# WORK TASK
Copy every line below that has the word "Import" in it.

# DATA SUPPLIED
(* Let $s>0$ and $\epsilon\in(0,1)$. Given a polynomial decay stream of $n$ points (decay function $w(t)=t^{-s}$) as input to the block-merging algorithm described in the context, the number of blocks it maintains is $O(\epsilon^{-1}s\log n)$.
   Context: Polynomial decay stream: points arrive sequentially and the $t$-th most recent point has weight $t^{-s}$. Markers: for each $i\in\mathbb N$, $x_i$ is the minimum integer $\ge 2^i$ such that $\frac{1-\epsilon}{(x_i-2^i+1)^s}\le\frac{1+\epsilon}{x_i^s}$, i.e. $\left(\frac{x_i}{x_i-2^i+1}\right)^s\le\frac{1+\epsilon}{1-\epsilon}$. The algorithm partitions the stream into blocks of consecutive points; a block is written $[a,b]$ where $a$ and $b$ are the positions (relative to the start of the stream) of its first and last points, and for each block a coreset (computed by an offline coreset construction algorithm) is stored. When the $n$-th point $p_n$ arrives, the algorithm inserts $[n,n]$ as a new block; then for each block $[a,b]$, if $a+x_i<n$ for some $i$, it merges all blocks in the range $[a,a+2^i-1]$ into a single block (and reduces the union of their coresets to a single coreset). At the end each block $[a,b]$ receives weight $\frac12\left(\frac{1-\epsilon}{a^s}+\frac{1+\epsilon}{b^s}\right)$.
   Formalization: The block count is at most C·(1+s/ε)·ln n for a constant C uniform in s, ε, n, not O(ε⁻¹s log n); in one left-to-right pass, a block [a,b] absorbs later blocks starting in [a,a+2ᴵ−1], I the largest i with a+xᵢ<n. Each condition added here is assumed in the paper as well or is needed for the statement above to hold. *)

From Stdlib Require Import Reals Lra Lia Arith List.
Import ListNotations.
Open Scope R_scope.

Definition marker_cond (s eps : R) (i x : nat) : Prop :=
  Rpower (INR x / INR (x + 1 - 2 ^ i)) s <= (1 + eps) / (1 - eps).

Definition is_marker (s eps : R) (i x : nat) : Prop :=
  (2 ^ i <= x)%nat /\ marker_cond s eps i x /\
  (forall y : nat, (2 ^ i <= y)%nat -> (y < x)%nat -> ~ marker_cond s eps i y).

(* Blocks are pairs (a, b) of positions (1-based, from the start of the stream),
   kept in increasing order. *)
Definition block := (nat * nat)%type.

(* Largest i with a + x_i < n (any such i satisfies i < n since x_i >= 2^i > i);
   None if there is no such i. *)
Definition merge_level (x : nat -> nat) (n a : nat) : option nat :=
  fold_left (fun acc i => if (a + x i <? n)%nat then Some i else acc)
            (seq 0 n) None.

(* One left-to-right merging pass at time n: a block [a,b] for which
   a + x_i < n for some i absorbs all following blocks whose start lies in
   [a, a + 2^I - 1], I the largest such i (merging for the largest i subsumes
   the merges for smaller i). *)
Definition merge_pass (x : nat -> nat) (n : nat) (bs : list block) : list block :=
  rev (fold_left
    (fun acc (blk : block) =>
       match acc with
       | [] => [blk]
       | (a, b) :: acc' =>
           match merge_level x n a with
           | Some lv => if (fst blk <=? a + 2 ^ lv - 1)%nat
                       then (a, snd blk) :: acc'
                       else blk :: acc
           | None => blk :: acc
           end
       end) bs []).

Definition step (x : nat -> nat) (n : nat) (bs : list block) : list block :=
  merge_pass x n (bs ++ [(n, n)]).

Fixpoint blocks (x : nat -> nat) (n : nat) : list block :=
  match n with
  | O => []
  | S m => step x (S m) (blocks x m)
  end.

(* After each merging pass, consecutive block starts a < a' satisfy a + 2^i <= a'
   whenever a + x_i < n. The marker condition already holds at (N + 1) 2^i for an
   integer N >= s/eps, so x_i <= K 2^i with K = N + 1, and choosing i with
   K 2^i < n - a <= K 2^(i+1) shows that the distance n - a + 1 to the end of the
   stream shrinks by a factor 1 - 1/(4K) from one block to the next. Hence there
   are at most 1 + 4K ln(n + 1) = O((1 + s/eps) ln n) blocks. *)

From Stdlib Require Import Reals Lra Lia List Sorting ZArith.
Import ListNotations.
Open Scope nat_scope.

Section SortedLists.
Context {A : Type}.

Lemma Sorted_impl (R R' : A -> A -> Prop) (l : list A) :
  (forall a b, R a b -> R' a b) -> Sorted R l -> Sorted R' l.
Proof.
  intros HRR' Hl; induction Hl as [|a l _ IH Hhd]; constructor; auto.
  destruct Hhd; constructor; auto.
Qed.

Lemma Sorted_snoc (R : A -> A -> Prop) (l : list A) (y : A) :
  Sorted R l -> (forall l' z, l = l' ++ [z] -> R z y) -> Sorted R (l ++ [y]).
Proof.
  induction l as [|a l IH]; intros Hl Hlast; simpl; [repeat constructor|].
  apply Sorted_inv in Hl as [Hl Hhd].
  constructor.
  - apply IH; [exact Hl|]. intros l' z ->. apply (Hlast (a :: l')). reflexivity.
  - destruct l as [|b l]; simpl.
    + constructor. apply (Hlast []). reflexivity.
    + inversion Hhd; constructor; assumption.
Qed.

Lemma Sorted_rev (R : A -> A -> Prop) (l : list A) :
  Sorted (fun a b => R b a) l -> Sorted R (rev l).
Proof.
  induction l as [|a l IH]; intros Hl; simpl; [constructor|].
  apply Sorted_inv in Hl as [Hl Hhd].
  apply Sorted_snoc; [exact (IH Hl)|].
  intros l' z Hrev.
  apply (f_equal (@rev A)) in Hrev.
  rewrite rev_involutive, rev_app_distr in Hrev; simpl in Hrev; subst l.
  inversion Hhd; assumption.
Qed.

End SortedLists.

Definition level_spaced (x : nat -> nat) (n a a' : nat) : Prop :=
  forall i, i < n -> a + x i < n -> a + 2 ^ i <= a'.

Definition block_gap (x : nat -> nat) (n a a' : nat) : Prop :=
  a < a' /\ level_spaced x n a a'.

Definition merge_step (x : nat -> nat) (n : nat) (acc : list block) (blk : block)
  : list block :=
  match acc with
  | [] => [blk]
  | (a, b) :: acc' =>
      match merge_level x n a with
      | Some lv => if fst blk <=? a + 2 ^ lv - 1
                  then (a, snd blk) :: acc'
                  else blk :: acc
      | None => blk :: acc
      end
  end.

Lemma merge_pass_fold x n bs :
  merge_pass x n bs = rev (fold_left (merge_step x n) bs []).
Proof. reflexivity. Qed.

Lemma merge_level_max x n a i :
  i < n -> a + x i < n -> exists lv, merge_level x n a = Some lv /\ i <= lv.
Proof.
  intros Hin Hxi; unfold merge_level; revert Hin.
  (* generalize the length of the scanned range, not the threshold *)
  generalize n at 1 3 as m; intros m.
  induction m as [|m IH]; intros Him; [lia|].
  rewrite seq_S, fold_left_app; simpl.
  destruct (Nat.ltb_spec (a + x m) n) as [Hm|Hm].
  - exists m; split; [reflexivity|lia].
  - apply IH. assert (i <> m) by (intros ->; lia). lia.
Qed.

# ANSWER BOX
From Stdlib Require Import Reals Lra Lia Arith List.
Import ListNotations.
From Stdlib Require Import Reals Lra Lia List Sorting ZArith.
Import ListNotations.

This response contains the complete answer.